4.2.      Ingevolge artikel 99, lid 21 van de Wet op het notarisambt (Wna) kan een klacht slechts worden ingediend gedurende drie jaren na de dag waarop de tot klacht gerechtigde van het handelen of nalaten van een notaris, toegevoegd notaris of kandidaat-notaris dat tot tuchtrechtelijke maatregelen aanleiding kan geven kennis heeft genomen. Indien de klacht wordt ingediend na verloop van drie jaren na de dag waarop de klager heeft kennisgenomen of redelijkerwijs kennis heeft kunnen nemen van het handelen of nalaten van de notaris waarop de klacht betrekking heeft, wordt de klacht door de voorzitter niet-ontvankelijk verklaard. De beslissing tot niet-ontvankelijkverklaring blijft achterwege indien de gevolgen van het handelen of nalaten redelijkerwijs pas nadien bekend zijn geworden. In dat geval verloopt de termijn voor het indienen van een klacht een jaar na de datum waarop de gevolgen redelijkerwijs als bekend geworden zijn aan te merken.

4.3.      Naar het oordeel van de kamer heeft klager op 29 september 2014 kennisgenomen van het handelen of nalaten van de notaris waarop zijn klachtonderdeel 1 betrekking heeft. Immers, op 29 september 2014 stuurt klager de notaris een e-mail waarin hij schrijft: “Ik heb jou gedurende ons laatste gesprek mijn aller grootste probleem/zorg  toegelicht, welke is de fout in het testament!! Ik ben ervan uitgegaan, en ga er nog steeds vanuit dat jullie kantoor dit zelf oplost (jij zou [y] hierover benaderen, en een voorstel doen voor een document).” Op dat moment wist klager dat de notaris de wettelijke verdeling per abuis niet had uitgesloten in het testament en was hij bekend met het handelen en/of nalaten van de notaris met betrekking tot dit klachtonderdeel. Ten aanzien van klachtonderdeel 1 had klager dan ook uiterlijk op 29 september 2017 zijn klacht moeten indienen. Nu de klacht is ingediend op 3 maart 2018, is de termijn van drie jaren verstreken.

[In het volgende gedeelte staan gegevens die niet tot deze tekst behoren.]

(* Let $$\Gamma=\left\langle\mathbb{Z}^3,\left(0,\begin{pmatrix}1&-1&0\\0&-1&0\\0&0&-1\end{pmatrix}\right)\right\rangle\subseteq\mathrm{Aff}(\mathbb{R}^3).$$ Then $\mathrm{Spec}_R(\Gamma)=4\mathbb{N}\cup\{\infty\}$.
   Context: $\mathrm{Aff}(\mathbb{R}^3)=\mathbb{R}^3\rtimes\mathrm{GL}_3(\mathbb{R})$ with multiplication $(d_1,D_1)(d_2,D_2)=(d_1+D_1d_2,D_1D_2)$; $\mathbb{Z}^3$ denotes $\{(z,I_3)\mid z\in\mathbb{Z}^3\}$. $\mathbb{N}=\{1,2,3,\dots\}$, $4\mathbb{N}=\{4,8,12,\dots\}$. For an automorphism $\varphi$ of a group $G$, $R(\varphi)\in\mathbb{N}\cup\{\infty\}$ is the number of classes of the relation $g\sim g'\iff\exists h\in G: g=hg'\varphi(h)^{-1}$, and $\mathrm{Spec}_R(G)=\{R(\varphi)\mid\varphi\in\mathrm{Aut}(G)\}$. *)

From mathcomp Require Import all_boot all_order all_algebra.
From Stdlib Require Import Rdefinitions.
From mathcomp Require Import Rstruct.
Set Implicit Arguments. Unset Strict Implicit. Unset Printing Implicit Defensive.
Import Order.TTheory GRing.Theory Num.Theory.
Local Open Scope ring_scope.

(* Elements of Aff(R^3) = R^3 ⋊ GL_3(R): pairs (d, D), D invertible. *)
Definition aff := ('cV[R]_3 * 'M[R]_3)%type.

Definition is_aff (g : aff) : Prop := g.2 \in unitmx.

Definition aff_mul (g h : aff) : aff := (g.1 + g.2 *m h.1, g.2 *m h.2).
Definition aff_one : aff := (0, 1%:M).
Definition aff_inv (g : aff) : aff := (- (invmx g.2 *m g.1), invmx g.2).

Definition transl (z : 'cV[int]_3) : aff := (map_mx (fun k : int => k%:~R) z, 1%:M).

(* The matrix [[1,-1,0],[0,-1,0],[0,0,-1]] *)
Definition Amat : 'M[R]_3 :=
  \matrix_(i < 3, j < 3)
    (if (i == 0 :> nat) && (j == 0 :> nat) then 1
     else if (i == 0 :> nat) && (j == 1 :> nat) then -1
     else if (i == j) then -1 else 0).

Definition Agen : aff := (0, Amat).

Inductive Gamma : aff -> Prop :=
  | Gamma_transl (z : 'cV[int]_3) : Gamma (transl z)
  | Gamma_A : Gamma Agen
  | Gamma_mul g h : Gamma g -> Gamma h -> Gamma (aff_mul g h)
  | Gamma_inv g : Gamma g -> Gamma (aff_inv g).

(* φ is an automorphism of Γ (only its restriction to Γ matters). *)
Definition is_aut (phi : aff -> aff) : Prop :=
  (forall g, Gamma g -> Gamma (phi g)) /\
  (forall g h, Gamma g -> Gamma h -> phi (aff_mul g h) = aff_mul (phi g) (phi h)) /\
  (forall g h, Gamma g -> Gamma h -> phi g = phi h -> g = h) /\
  (forall g', Gamma g' -> exists g, Gamma g /\ phi g = g').

Definition twisted (phi : aff -> aff) (g g' : aff) : Prop :=
  exists h, Gamma h /\ g = aff_mul (aff_mul h g') (aff_inv (phi h)).

Definition reid_classes (phi : aff -> aff) (n : nat) : Prop :=
  exists s : seq aff,
    size s = n /\
    (forall i : nat, (i < n)%nat -> Gamma (nth aff_one s i)) /\
    (forall i j : nat, (i < n)%nat -> (j < n)%nat -> i <> j ->
        ~ twisted phi (nth aff_one s i) (nth aff_one s j)) /\
    (forall g, Gamma g -> exists i : nat, (i < n)%nat /\ twisted phi g (nth aff_one s i)).

(* R(φ) ∈ N ∪ {∞}, encoded as option nat (None = ∞). *)
Definition reidemeister (phi : aff -> aff) (r : option nat) : Prop :=
  match r with
  | Some n => reid_classes phi n
  | None => forall n, ~ reid_classes phi n
  end.

Definition SpecR_Gamma (r : option nat) : Prop :=
  exists phi, is_aut phi /\ reidemeister phi r.

Definition fourN_inf (r : option nat) : Prop :=
  match r with
  | Some n => (0 < n)%nat /\ dvdn 4 n
  | None => True
  end.

From mathcomp Require Import all_boot all_order all_algebra.
From mathcomp Require Import Rstruct ring lra zify.
From Stdlib Require Import Rdefinitions ClassicalEpsilon.
Set Implicit Arguments. Unset Strict Implicit. Unset Printing Implicit Defensive.
Import Order.TTheory GRing.Theory Num.Theory.
Local Open Scope ring_scope.

(* In coordinates [(p, q, r)] of the translation lattice, [Gamma] is [Z^3 x| Z/2] with the
   generator acting by [(p, q, r) |-> (q, p, -r)]. Translations are the centraliser of the
   squares, so an automorphism is [(z, b) |-> (M z + b d, b)] with [M] commuting with that
   action; [M] acts on [p + q] by a sign [eps]. If [eps = 1], [p + q] is an unbounded twisted
   invariant and [R = oo]. If [eps = -1], the holonomy [b] and the parity of [p + q] are
   invariants, and on each of these four pieces the twisted classes are the orbits of a
   reflection [x |-> c - x] of a quotient [Z^2 / K_b Z^2]. A singular [K_b] gives [R = oo];
   otherwise counting orbits of involutions gives
   [R = |det K_0| + |det K_1| + (4 if nu is even else 0)], a multiple of 4 because both
   determinants are even with sum [2 +- 2]. Explicit automorphisms realise every [4k] and [oo]. *)

Record zvec := ZVec { zp : int; zq : int; zr : int }.

Definition vzero := ZVec 0 0 0.
Definition vadd (x y : zvec) := ZVec (zp x + zp y) (zq x + zq y) (zr x + zr y).
Definition vopp (x : zvec) := ZVec (- zp x) (- zq x) (- zr x).
Definition vswap (x : zvec) := ZVec (zq x) (zp x) (- zr x).
Definition vact (b : bool) (x : zvec) := if b then vswap x else x.

Lemma zvec_ext x y : zp x = zp y -> zq x = zq y -> zr x = zr y -> x = y.
Proof. by case: x; case: y => /= ??? ??? -> -> ->. Qed.

Definition grp := (zvec * bool)%type.

Definition gunit : grp := (vzero, false).
Definition gmul (x y : grp) : grp := (vadd x.1 (vact x.2 y.1), x.2 (+) y.2).
Definition ginv (x : grp) : grp := (vopp (vact x.2 x.1), x.2).

Definition colZ (z : zvec) : 'cV[int]_3 :=
  \col_(i < 3) (if i == 0 :> nat then - zq z else if i == 1 :> nat then zp z - zq z else zr z).
Definition colR (z : zvec) : 'cV[R]_3 := map_mx (fun k : int => k%:~R) (colZ z).
Definition holo (b : bool) : 'M[R]_3 := if b then Amat else 1%:M.
Definition emb (x : grp) : aff := (colR x.1, holo x.2).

4.4.      Ten aanzien van de ontvankelijkheid van klachtonderdeel 2 overweegt de kamer als volgt. De kamer is van oordeel dat klager reeds op 4 december 2014 een concept van de overeenkomst heeft ontvangen van de notaris. Klager was dan ook op 4 december 2014 bekend met het handelen en/of nalaten van de notaris met betrekking tot dit klachtonderdeel. Klager had dan ook uiterlijk op 4 december 2017 zijn klacht moeten indienen. Dat heeft hij niet gedaan.

4.5.      Conclusie is dat de klacht op beide onderdelen niet-ontvankelijk is.

5.         De beslissing

De kamer voor het notariaat:

verklaart de klacht niet-ontvankelijk.

Deze beslissing is gegeven door mr. P.M. Knaapen, plaatsvervangend voorzitter, mr. J.D. Streefkerk, plaatsvervangend rechterlijk lid en mr. S. Lettinga, plaatsvervangend notarislid.

Uitgesproken in het openbaar op 15 oktober 2018 door mr. C. Kool , plaatsvervangend voorzitter, in tegenwoordigheid van de secretaris.

Hoger beroep tegen deze beslissing is mogelijk door indiening van een verzoekschrift - binnen dertig dagen na dagtekening van het aangetekend schrijven waarbij van deze beslissing is kennis gegeven - bij het gerechtshof in Amsterdam, postadres: postbus 1312, 1000 BH Amsterdam.